Extracted data: Begin

(* Two lines through x carrying points of P meet in a point c of P; since x and
   c are independent, the lines coincide. *)
Lemma rank_secant_points b0 : b0 \in P -> on_secant b0 ->
  s [set p in P | on_secant p] <= 2.
Proof.
move=> b0P /exists_inP[b0' b0'P /andP[b0'b0 rK]]; rewrite eq_sym in b0'b0.
set K := [set b0; b0'; x]; set B := [set p in P | on_secant p].
have memPE p : p \in P -> p \in E := subsetP PE p.
have KE : K \subset E.
  by apply: subset_set3; [apply: memPE b0P | apply: memPE b0'P | apply: xE].
have BE : B \subset E.
  by apply: subset_trans PE; apply/subsetP => p; rewrite inE => /andP[].
have rK2 : 2 <= s K.
  rewrite -(rank_P2 g_inj gP g_rank b0P b0'P b0'b0).
  by rewrite (rank_mono sM _ KE) // subset_set2 // !inE eqxx ?orbT.
have := rank_mono sM (subsetUr K B); rewrite subUset KE BE => /(_ isT).
move/leq_trans; apply; apply: (leq_trans _ rK); apply: (rank_setU_spanned sM) => // b.
rewrite inE => /andP[bP /exists_inP[b' b'P /andP[b'b rb]]]; rewrite eq_sym in b'b.
have [c cP [rc0 rc]] := P_lines_meet g_inj gP g_rank b0P b0'P bP b'P b0'b0 b'b.
have rx0 := rank_line_setU1 sM (memPE _ b0P) (memPE _ b0'P) xE (memPE _ cP)
  (rank_P2 g_inj gP g_rank b0P b0'P b0'b0) rK rc0.
have rx := rank_line_setU1 sM (memPE _ bP) (memPE _ b'P) xE (memPE _ cP)
  (rank_P2 g_inj gP g_rank bP b'P b'b) rb rc.
have xc0 : [set x; c] \subset [set b0; b0'; x; c] by solve_set_sub.
have xc : [set x; c] \subset [set b; b'; x; c] by solve_set_sub.
have Kb : K :|: [set b] \subset [set b0; b0'; x; c] :|: [set b; b'; x; c].
  by rewrite /K; solve_set_sub.
have := rank_submod_le sM (subset_set4 (memPE _ b0P) (memPE _ b0'P) xE (memPE _ cP))
  (subset_set4 (memPE _ bP) (memPE _ b'P) xE (memPE _ cP)) xc0 xc Kb.
have := x_offP cP; move: rx0 rx rK2; clear; lia.
Qed.

Lemma rank_setU1_x (S : {set T}) : S \subset P ->
  (forall p p', p \in S -> p' \in S -> p != p' -> 3 <= s [set p; p'; x]) ->
  forall Y : {set T}, Y \subset S -> s (Y :|: [set x]) = minn #|Y| 2 + 1.
Proof.
move=> SP S3 Y YS; have YP := subset_trans YS SP.
have YxE : Y :|: [set x] \subset E by rewrite subUset (subset_trans YP PE) sub1set.
have [Y2 | ] := ltnP 1 #|Y|.
  have /card_gt1P[p [p' [pY p'Y pp']]] := Y2.
  apply/eqP; rewrite (minn_idPr Y2) eqn_leq.
  have sub : [set p; p'; x] \subset Y :|: [set x].
    by rewrite subset_set3 // !inE ?pY ?p'Y ?eqxx ?orbT.
  rewrite (leq_trans (rank_mono sM YxE (subxx E))) //= ?sE3 //.
  apply: leq_trans _ (rank_mono sM sub YxE).
  exact: S3 (subsetP YS p pY) (subsetP YS p' p'Y) pp'.
rewrite leq_eqVlt ltnS leqn0 => /orP[/cards1P[p Yp] | /eqP/cards0_eq->]; last first.
  by rewrite set0U cards0 rank_L1.
have pP : p \in P by rewrite -sub1set -Yp.
rewrite Yp cards1; apply/eqP; rewrite eqn_leq setUC x_offP // andbT.
have := @rank_setU1 _ _ _ sM [set x] p; rewrite sub1set xE (subsetP PE p pP) rank_L1 //.
by move=> /(_ isT isT).
Qed.

Lemma exists_uniform_with_x : exists S : {set T},
  [/\ S \subset P, #|S| = (q ^ 2 + 1)%N &
    forall Y : {set T}, Y \subset S -> s (Y :|: [set x]) = minn #|Y| 2 + 1].
Proof.
suff [S0 [S0P cS0 S0x]] : exists S0 : {set T}, [/\ S0 \subset P,
    q ^ 2 + 1 <= #|S0| & forall p p', p \in S0 -> p' \in S0 -> p != p' ->
      3 <= s [set p; p'; x]].
  have [S SS0 cS] := exists_subset_card cS0; have SP := subset_trans SS0 S0P.
  exists S; split=> //; apply: rank_setU1_x SP _ => p p' pS p'S.
  by apply: S0x; apply: (subsetP SS0).
set B := [set p in P | on_secant p].
have [B0 | [b0 b0B]] := set_0Vmem B.
  exists P; split => //; first by rewrite (card_P g_inj gP) -addnA leq_add2l leq_addl.
  move=> p p' pP p'P pp'; apply: non_secant_rank3; rewrite 1?eq_sym //.
  apply: contraT => /negbNE secp; have : p \in B by rewrite inE pP.
  by rewrite B0 in_set0.
have BP : B \subset P by apply/subsetP => p; rewrite inE => /andP[].
have b0P : b0 \in P := subsetP BP b0 b0B.
have cB := P_line_card g_inj gP g_rank BP (rank_secant_points b0P _).
exists ((P :\: B) :|: [set b0]); split.
- by rewrite subUset subsetDl sub1set.
- rewrite setUC cardsU1 inE b0B /= cardsD (setIidPr BP) (card_P g_inj gP).
  by move: b0B cB; rewrite inE => /andP[_ secb0] /(_ secb0); move: (q ^ 2) => n; lia.
- have nsec p : p \in P :\: B -> ~~ on_secant p.
    by rewrite in_setD => /andP[pB pP]; apply: contra pB => secp; rewrite inE pP.
  have PBP := subsetP (subsetDl P B).
  move=> p p'; rewrite !in_setU !in_set1 => /orP[pPB|/eqP->] /orP[p'PB|/eqP->] pp';
    rewrite 1?eq_sym in pp'.
  + exact: non_secant_rank3 (PBP _ pPB) (nsec _ pPB) (PBP _ p'PB) pp'.
  + exact: non_secant_rank3 (PBP _ pPB) (nsec _ pPB) b0P pp'.
  + have -> : [set b0; p'; x] = [set p'; b0; x].
      by apply/setP => z; rewrite !inE (orbC (z == b0)).
    by apply: non_secant_rank3 (PBP _ p'PB) (nsec _ p'PB) b0P _; rewrite eq_sym.
  + by rewrite eqxx in pp'.
Qed.

End LineOffPlane.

Extracted data: End

■ **Exercise prompt**:
In the data above, retype exactly and only the lines between the one holding "exists P; split" and the one holding "- have nsec", inclusive.

■ **Answer to this task**:
  exists P; split => //; first by rewrite (card_P g_inj gP) -addnA leq_add2l leq_addl.
  move=> p p' pP p'P pp'; apply: non_secant_rank3; rewrite 1?eq_sym //.
  apply: contraT => /negbNE secp; have : p \in B by rewrite inE pP.
  by rewrite B0 in_set0.
have BP : B \subset P by apply/subsetP => p; rewrite inE => /andP[].
have b0P : b0 \in P := subsetP BP b0 b0B.
have cB := P_line_card g_inj gP g_rank BP (rank_secant_points b0P _).
exists ((P :\: B) :|: [set b0]); split.
- by rewrite subUset subsetDl sub1set.
- rewrite setUC cardsU1 inE b0B /= cardsD (setIidPr BP) (card_P g_inj gP).
  by move: b0B cB; rewrite inE => /andP[_ secb0] /(_ secb0); move: (q ^ 2) => n; lia.
- have nsec p : p \in P :\: B -> ~~ on_secant p.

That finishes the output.